## Problem
Once the line holding "n) 'D_(delta_mx 0 i) g x." is found in the listing below, write it out and each later line exactly, up to and including the one holding "exists2 e : R, 0".
[Opening Material to process section]
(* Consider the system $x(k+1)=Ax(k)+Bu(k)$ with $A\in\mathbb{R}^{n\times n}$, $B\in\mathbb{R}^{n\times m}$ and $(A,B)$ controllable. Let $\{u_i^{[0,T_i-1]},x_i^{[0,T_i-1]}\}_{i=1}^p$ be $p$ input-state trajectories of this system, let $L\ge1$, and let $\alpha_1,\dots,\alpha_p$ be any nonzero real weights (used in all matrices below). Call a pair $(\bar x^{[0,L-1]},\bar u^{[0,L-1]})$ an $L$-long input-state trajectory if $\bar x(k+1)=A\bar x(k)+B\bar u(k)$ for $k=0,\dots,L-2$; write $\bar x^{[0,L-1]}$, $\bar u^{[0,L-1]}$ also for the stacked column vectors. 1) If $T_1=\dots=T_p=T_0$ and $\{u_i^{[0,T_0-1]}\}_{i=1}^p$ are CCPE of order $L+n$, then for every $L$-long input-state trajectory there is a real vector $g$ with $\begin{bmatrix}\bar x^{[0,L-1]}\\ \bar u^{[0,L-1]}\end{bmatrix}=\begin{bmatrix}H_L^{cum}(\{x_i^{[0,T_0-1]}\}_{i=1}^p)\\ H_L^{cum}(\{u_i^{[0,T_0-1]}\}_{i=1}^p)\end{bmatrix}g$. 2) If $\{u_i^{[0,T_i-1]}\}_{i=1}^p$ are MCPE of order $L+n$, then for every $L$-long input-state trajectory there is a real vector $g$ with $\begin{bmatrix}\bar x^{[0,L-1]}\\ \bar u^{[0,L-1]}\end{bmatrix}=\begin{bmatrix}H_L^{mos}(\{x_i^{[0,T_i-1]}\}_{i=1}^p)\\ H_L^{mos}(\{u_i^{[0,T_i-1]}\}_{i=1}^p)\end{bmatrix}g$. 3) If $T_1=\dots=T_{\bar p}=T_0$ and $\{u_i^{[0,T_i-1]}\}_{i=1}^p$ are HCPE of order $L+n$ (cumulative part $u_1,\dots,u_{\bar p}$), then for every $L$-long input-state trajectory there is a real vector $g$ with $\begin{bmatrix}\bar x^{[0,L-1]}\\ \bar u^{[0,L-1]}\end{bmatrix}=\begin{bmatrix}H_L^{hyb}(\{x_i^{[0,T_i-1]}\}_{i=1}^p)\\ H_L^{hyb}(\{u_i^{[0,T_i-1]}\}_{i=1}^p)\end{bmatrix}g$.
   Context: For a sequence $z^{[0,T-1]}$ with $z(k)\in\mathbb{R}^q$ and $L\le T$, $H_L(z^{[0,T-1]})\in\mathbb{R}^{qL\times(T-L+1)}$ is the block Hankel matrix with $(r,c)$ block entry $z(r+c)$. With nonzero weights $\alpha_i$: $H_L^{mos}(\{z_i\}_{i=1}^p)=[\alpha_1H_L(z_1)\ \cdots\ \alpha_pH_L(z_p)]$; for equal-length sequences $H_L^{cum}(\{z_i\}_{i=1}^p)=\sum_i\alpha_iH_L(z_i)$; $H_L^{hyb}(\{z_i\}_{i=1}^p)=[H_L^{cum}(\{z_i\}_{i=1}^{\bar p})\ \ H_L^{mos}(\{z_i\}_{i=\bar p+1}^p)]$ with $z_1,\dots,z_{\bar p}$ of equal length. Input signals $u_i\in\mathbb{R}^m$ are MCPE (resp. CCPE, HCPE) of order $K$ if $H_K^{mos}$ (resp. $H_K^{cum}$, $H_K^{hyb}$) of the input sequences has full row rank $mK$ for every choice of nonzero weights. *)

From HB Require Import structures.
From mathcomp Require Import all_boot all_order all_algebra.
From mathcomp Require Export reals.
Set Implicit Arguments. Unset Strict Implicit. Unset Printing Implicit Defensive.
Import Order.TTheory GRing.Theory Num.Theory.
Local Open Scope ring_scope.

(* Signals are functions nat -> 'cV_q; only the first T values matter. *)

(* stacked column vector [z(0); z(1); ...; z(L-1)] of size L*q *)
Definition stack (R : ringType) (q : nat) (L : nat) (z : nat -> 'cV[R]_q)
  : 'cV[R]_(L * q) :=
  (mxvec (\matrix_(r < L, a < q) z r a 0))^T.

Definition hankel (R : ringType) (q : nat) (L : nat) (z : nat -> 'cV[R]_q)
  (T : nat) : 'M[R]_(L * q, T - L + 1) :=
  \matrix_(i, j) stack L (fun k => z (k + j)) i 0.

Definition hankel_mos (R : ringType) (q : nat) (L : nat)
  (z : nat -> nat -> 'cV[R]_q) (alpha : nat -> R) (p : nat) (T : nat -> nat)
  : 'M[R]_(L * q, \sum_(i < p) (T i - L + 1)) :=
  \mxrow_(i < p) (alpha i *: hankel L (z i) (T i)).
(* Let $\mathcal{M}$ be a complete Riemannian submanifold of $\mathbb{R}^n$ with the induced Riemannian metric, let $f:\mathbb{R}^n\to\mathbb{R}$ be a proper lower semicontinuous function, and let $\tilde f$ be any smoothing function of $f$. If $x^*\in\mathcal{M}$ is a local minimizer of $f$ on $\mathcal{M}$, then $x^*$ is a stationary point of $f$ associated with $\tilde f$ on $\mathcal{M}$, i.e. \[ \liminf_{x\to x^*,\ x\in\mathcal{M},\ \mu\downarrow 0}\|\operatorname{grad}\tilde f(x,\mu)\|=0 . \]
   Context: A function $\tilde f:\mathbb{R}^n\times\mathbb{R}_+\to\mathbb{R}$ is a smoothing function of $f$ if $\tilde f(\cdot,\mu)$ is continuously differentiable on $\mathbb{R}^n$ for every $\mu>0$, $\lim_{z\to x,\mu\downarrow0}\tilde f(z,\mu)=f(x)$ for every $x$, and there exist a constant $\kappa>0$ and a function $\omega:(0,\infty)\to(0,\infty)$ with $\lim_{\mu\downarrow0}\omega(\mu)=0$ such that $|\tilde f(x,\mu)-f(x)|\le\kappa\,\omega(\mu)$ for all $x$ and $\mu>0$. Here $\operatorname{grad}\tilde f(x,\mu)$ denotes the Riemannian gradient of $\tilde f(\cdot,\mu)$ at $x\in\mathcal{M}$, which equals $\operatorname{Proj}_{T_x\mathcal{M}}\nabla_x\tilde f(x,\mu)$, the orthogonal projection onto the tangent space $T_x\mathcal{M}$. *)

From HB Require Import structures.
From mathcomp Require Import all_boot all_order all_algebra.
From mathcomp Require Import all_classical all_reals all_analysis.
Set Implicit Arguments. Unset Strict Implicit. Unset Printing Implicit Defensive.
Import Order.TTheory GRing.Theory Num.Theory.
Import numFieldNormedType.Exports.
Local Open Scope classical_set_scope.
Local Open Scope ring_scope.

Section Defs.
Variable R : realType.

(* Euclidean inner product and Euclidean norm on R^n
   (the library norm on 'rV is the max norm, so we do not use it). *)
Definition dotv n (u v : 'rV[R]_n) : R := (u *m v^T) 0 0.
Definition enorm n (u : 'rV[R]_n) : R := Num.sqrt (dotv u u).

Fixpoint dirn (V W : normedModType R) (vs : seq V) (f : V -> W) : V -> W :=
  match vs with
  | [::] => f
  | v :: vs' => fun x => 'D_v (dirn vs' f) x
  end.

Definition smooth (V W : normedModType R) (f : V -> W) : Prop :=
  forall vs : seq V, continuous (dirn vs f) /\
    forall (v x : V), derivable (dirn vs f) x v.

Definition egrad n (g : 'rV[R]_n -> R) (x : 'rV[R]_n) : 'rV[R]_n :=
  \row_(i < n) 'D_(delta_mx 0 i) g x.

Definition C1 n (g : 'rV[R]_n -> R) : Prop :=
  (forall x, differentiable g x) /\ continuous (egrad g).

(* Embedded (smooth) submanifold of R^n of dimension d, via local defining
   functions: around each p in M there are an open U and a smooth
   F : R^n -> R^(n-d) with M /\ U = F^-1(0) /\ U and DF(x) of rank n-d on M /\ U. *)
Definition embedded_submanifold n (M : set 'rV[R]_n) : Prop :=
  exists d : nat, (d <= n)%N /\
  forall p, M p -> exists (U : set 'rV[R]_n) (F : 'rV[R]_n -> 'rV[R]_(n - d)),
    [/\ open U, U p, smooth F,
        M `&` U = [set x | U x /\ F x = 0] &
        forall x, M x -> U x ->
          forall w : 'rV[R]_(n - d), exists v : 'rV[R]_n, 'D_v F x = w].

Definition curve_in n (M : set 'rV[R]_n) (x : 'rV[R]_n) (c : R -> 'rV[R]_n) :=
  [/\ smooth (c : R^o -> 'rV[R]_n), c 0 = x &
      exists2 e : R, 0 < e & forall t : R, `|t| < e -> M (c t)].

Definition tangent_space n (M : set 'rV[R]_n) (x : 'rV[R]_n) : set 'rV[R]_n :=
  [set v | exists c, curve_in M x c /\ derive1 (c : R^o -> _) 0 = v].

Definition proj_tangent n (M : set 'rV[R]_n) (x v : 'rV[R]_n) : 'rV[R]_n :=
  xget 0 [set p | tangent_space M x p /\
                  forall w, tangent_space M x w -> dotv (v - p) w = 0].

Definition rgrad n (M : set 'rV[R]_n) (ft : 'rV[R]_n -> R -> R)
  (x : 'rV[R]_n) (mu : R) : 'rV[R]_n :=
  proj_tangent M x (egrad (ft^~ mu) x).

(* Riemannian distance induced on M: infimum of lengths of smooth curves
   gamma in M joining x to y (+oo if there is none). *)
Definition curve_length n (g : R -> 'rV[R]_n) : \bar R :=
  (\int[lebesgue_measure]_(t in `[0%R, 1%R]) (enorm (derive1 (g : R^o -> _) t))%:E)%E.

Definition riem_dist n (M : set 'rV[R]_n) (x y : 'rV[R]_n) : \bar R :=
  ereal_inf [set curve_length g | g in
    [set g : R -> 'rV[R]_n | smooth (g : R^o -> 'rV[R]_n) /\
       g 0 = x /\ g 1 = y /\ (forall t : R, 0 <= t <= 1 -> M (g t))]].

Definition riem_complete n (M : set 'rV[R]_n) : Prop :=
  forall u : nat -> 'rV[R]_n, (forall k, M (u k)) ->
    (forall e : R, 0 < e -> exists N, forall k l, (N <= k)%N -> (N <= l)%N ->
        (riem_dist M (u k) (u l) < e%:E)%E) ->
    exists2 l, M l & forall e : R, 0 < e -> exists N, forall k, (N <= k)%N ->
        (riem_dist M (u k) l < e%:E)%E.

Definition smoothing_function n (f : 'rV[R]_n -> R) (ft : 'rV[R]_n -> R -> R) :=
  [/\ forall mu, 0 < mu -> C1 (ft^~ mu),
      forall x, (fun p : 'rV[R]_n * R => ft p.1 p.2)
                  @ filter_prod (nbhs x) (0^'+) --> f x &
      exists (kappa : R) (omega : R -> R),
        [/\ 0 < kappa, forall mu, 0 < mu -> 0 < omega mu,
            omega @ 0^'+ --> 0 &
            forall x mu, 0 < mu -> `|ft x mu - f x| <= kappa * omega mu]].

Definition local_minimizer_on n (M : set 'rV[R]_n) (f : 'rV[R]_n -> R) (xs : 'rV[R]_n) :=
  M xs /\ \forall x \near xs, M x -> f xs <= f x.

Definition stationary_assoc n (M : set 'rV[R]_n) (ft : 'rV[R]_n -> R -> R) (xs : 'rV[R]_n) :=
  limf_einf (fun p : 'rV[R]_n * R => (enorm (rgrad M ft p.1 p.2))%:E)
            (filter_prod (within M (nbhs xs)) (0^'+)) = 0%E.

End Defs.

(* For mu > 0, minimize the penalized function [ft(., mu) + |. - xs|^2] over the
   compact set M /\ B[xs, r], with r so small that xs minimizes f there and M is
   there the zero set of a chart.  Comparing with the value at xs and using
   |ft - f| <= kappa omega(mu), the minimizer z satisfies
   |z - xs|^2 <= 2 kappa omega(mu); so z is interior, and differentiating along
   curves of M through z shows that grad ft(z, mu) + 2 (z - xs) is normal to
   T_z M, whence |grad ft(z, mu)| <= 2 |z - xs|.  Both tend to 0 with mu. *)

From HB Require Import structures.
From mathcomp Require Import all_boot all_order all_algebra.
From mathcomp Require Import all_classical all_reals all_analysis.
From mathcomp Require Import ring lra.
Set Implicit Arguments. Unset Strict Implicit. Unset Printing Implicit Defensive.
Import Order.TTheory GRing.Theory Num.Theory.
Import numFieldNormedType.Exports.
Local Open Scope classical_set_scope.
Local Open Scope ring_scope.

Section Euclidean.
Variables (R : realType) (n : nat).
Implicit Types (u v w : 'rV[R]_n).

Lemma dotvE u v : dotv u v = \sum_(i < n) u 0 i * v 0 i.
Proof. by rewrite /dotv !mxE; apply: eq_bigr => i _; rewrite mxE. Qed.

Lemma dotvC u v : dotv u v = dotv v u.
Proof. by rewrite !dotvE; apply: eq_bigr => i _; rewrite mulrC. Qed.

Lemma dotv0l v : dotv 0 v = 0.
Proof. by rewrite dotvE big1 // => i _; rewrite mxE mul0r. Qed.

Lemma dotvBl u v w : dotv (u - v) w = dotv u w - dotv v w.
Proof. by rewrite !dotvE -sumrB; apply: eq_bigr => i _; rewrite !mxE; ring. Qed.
[Closing Material to process section]
## Answer section
  \row_(i < n) 'D_(delta_mx 0 i) g x.

Definition C1 n (g : 'rV[R]_n -> R) : Prop :=
  (forall x, differentiable g x) /\ continuous (egrad g).

(* Embedded (smooth) submanifold of R^n of dimension d, via local defining
   functions: around each p in M there are an open U and a smooth
   F : R^n -> R^(n-d) with M /\ U = F^-1(0) /\ U and DF(x) of rank n-d on M /\ U. *)
Definition embedded_submanifold n (M : set 'rV[R]_n) : Prop :=
  exists d : nat, (d <= n)%N /\
  forall p, M p -> exists (U : set 'rV[R]_n) (F : 'rV[R]_n -> 'rV[R]_(n - d)),
    [/\ open U, U p, smooth F,
        M `&` U = [set x | U x /\ F x = 0] &
        forall x, M x -> U x ->
          forall w : 'rV[R]_(n - d), exists v : 'rV[R]_n, 'D_v F x = w].

Definition curve_in n (M : set 'rV[R]_n) (x : 'rV[R]_n) (c : R -> 'rV[R]_n) :=
  [/\ smooth (c : R^o -> 'rV[R]_n), c 0 = x &
      exists2 e : R, 0 < e & forall t : R, `|t| < e -> M (c t)].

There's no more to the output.